Next, an example of the operation of the automatic analyzer shown in FIG. 1 will be described.
In this automatic analyzer, each of the analysis units 2, 3, 4, and 5 mainly uses the second sample feed transport line 12 as a general sample analysis line, and the first sample feed transport line 11 is a rack 7. Is used as an overtaking line for transporting the sample to the downstream analysis unit without being analyzed by the upstream analysis unit, an analysis line for an emergency sample, or the like.

  As shown in FIG. 1, when a sample held in the rack 7 to be supplied from the rack supply / recovery unit 42 of the sampler 1 has an analysis item in the analysis unit 3, the rack 7 is used as the first of the analysis unit 2. 2 is supplied to the sample feeding conveyance line 12. Here, when there is an analysis item in the analysis unit 2 in the rack 7, the sample is sucked at the sample suction position S <b> 2 of the analysis unit 2 for analysis, and then further transported to the analysis unit 3. The sample is aspirated at the sample aspirating position S4 for analysis. When there is no analysis item in the analysis unit 2, the analysis unit 2 is passed through without being stopped at the sample suction position S <b> 2 of the analysis unit 2 and is transported to the sample suction position S <b> 4 of the analysis unit 3.

  If there is no analysis item in the analysis units 2 and 3 and there is an analysis item in the analysis unit 4, the rack 7 is supplied to the first sample feeding transport line 11 of the analysis unit 2 for analysis. The unit 2 is allowed to pass without stopping at the sample suction position S1 and is transported to the line changer 31 without being stopped at the sample suction position S3 of the analysis unit 3. Thereafter, the rack 7 is moved to the line changer 31 by the line changer 31. The sample is transferred from the first sample transporting line 11 to the second sample transporting line 12 and transported to the sample suction position S6 of the analysis unit 4, where the sample is sucked for analysis.

  Similarly, when there are no analysis items in the analysis units 2, 3, and 4 and there are analysis items in the analysis unit 5, the rack 7 is supplied to the first sample feeding transport line 11 of the analysis unit 2. Then, the sample is transported to the line changer 31 of the analysis unit 4 without stopping at the sample suction positions S1, S3, and S5 of the analysis units 2, 3 and 4, respectively.

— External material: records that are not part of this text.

Lemma qratio_const_iff_step :
  (exists chi, forall i, dom i -> dom (i + 1)%Z -> edge_qratio q f i = chi) <->
  (forall i, dom i -> dom (i + 1)%Z -> dom (i + 2)%Z ->
     edge_qratio q f i = edge_qratio q f (i + 1)%Z).
Proof.
  rewrite (ex_const_iff_pairwise_eq dom (fun i => dom (i + 1)%Z) (edge_qratio q f) 0).
  exact (Zinterval_pairwise_iff_step dom (edge_qratio q f) Hint).
Qed.

Lemma orth_q_iff_qratio_step :
  (forall i, dom i -> dom (i + 1)%Z -> dom (i + 2)%Z ->
     ip (vadd (vscal (ip (f (i + 2)%Z) (f (i + 1)%Z)) (f i))
              (vscal (- ip (f i) (f (i + 1)%Z)) (f (i + 2)%Z))) q = 0) <->
  (forall i, dom i -> dom (i + 1)%Z -> dom (i + 2)%Z ->
     edge_qratio q f i = edge_qratio q f (i + 1)%Z).
Proof.
  split; intros H i Hi Hi1 Hi2; specialize (H i Hi Hi1 Hi2);
    unfold edge_qratio, qratio in *; ip_expand; ip_expand_in H;
    rewrite <- Z.add_assoc in *; simpl (1 + 1)%Z in *;
    rewrite (ip_sym (f (i + 2)%Z) (f (i + 1)%Z)) in *.
  - apply ratio_common_factor_eq_iff; auto; lra.
  - apply ratio_common_factor_eq_iff in H; auto; lra.
Qed.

The sample is transferred from the transport line 11 for sample feed to the transport line 12 for second sample feed and transported to the sample suction position S6 of the analysis unit 5, where the sample is sucked for analysis.

  In each of the above cases, if there is no analysis item in the downstream analysis units 4 and 5 for the rack 7 for which the sample has been aspirated in the analysis unit 3, or if the rack 7 for which the sample has been aspirated in the analysis unit 4 is downstream When there is no analysis item in the analysis unit 5 on the side, or when the suction of the sample is completed in the analysis unit 5 on the most downstream side, the rack 7 is connected to the second line changer 31 by the corresponding line changer 31 as shown in FIG. The sample transfer transport line 12 is transferred to the sample return transport line 13, collected by the rack supply / recovery unit 42 of the sampler 1, and transported and stored in the analyzed rack storage unit 43.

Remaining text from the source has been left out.